*** Block opens ***

Lemma mem_canonical_piece_root i y : y \in canonical_piece i `\` canonical_root ->
  exists2 x, r k.+1 <= x < m k & y = branch k.+1 d idx (x + i * (m k - r k.+1)).
Proof.
rewrite in_fsetD => /andP [y_root /fimgP [x xk y_eq]].
have rx : r k.+1 <= x.
  by rewrite leqNgt; apply: contra y_root => xr; rewrite y_eq /= emb_root //; apply: fimg_mem.
by exists x; rewrite ?rx // y_eq /= /emb ltnNge rx.
Qed.

Lemma canonical_root_lt i : set_lt canonical_root (canonical_piece i `\` canonical_root).
Proof.
move=> z y /fimgP [x xr ->] /mem_canonical_piece_root [x' /andP [rx' _] ->].
by rewrite ltn_branch (leq_trans xr) // (leq_trans rx') ?leq_addr.
Qed.

Lemma canonical_piece_lt i :
  set_lt (canonical_piece i `\` canonical_root) (canonical_piece i.+1 `\` canonical_root).
Proof.
move=> y1 y2 /mem_canonical_piece_root [x /andP [_ xk] ->].
move=> /mem_canonical_piece_root [y /andP [ry _] ->].
rewrite ltn_branch mulSn; lia.
Qed.

Lemma canonical_decomposition : exists s,
  decomposition m n r canonical k (fimg (branch k.+1 d idx) (m k.+1)) s.
Proof.
exists canonical_pieces.
have nth_s i : i < n k.+1 -> nth fset0 canonical_pieces i = canonical_piece i.
  by move=> ik; rewrite (nth_map 0) ?size_iota ?nth_iota.
split; rewrite ?size_map ?size_iota //.
- by move=> i ik; rewrite nth_s //; apply: canonical_piece_rank.
- exact: bigcup_canonical_pieces.
exists canonical_root; split.
- by apply: card_fimg => x y /andP [xy _]; rewrite ltn_branch.
- by move=> i j ik jk ij; rewrite !nth_s ?canonical_pieceI.
- by move=> i ik; rewrite nth_s //; apply: canonical_root_lt.
- by move=> i ik; rewrite !nth_s ?(ltnW ik) //; apply: canonical_piece_lt.
Qed.
End CanonicalDecomposition.

Lemma decomposition_mem F k A s t : decomposition m n r F k A s ->
  t \in s -> F t /\ rank F t = k.
Proof.
by move=> [_ s_rank _ _] ts; rewrite -(nth_index fset0 ts); apply: s_rank; rewrite index_mem.
Qed.

Section SchemeAxioms.
Variable F : pred {fset nat}.
Hypothesis F_card : forall A, F A -> #|`A| = m (rank F A).
Hypothesis F_coherent : forall E A, F E -> F A -> rank F E = rank F A ->
  init_seg (E `&` A) E /\ init_seg (E `&` A) A.

Lemma eq_rank_max A D a : F A -> F D -> rank F A = rank F D ->
  a \in A -> (forall x, x \in A -> x <= a) -> a \in D -> A = D.
Proof.
move=> FA FD rAD aA le_a aD; have [[_ AD_init] _] := F_coherent FA FD rAD.
apply/eqP; rewrite eqEfcard (F_card FA) (F_card FD) rAD leqnn andbT.
apply/fsubsetP => x xA; have := le_a x xA; rewrite leq_eqVlt => /predU1P [-> //|xa].
by have := AD_init x a xA; rewrite in_fsetI aA aD => /(_ isT xa); rewrite in_fsetI => /andP [].
Qed.

Lemma decomposition_sorted k A s : decomposition m n r F k A s -> sorted precedes s.
Proof.
move=> [_ s_rank _ [R [card_R _ R_lt s_lt]]]; apply/(sortedP fset0) => i iS.
have [Fi ri] := s_rank _ iS.
have [c cD] : exists c, c \in nth fset0 s i.+1 `\` R.
  apply/fset0Pn/negP; rewrite fsetD_eq0 => /fsubset_leq_card.
  by rewrite F_card // ri card_R leqNgt r_lt_m.
apply/precedesP; exists c; first by move: cD; rewrite in_fsetD => /andP [].
move=> b bi; have [bR | bR] := boolP (b \in R); first exact: (R_lt _ iS b c bR cD).
by apply: (s_lt _ iS b c) => //; rewrite in_fsetD bR.
Qed.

*** Block closes ***

— Work item —
Please give again the lines above between the line holding "by move=> ik;" and the line holding "E /\ init_seg", inclusive, exactly as they are and with nothing added.

— Result for this task —
  by move=> ik; rewrite (nth_map 0) ?size_iota ?nth_iota.
split; rewrite ?size_map ?size_iota //.
- by move=> i ik; rewrite nth_s //; apply: canonical_piece_rank.
- exact: bigcup_canonical_pieces.
exists canonical_root; split.
- by apply: card_fimg => x y /andP [xy _]; rewrite ltn_branch.
- by move=> i j ik jk ij; rewrite !nth_s ?canonical_pieceI.
- by move=> i ik; rewrite nth_s //; apply: canonical_root_lt.
- by move=> i ik; rewrite !nth_s ?(ltnW ik) //; apply: canonical_piece_lt.
Qed.
End CanonicalDecomposition.

Lemma decomposition_mem F k A s t : decomposition m n r F k A s ->
  t \in s -> F t /\ rank F t = k.
Proof.
by move=> [_ s_rank _ _] ts; rewrite -(nth_index fset0 ts); apply: s_rank; rewrite index_mem.
Qed.

Section SchemeAxioms.
Variable F : pred {fset nat}.
Hypothesis F_card : forall A, F A -> #|`A| = m (rank F A).
Hypothesis F_coherent : forall E A, F E -> F A -> rank F E = rank F A ->
  init_seg (E `&` A) E /\ init_seg (E `&` A) A.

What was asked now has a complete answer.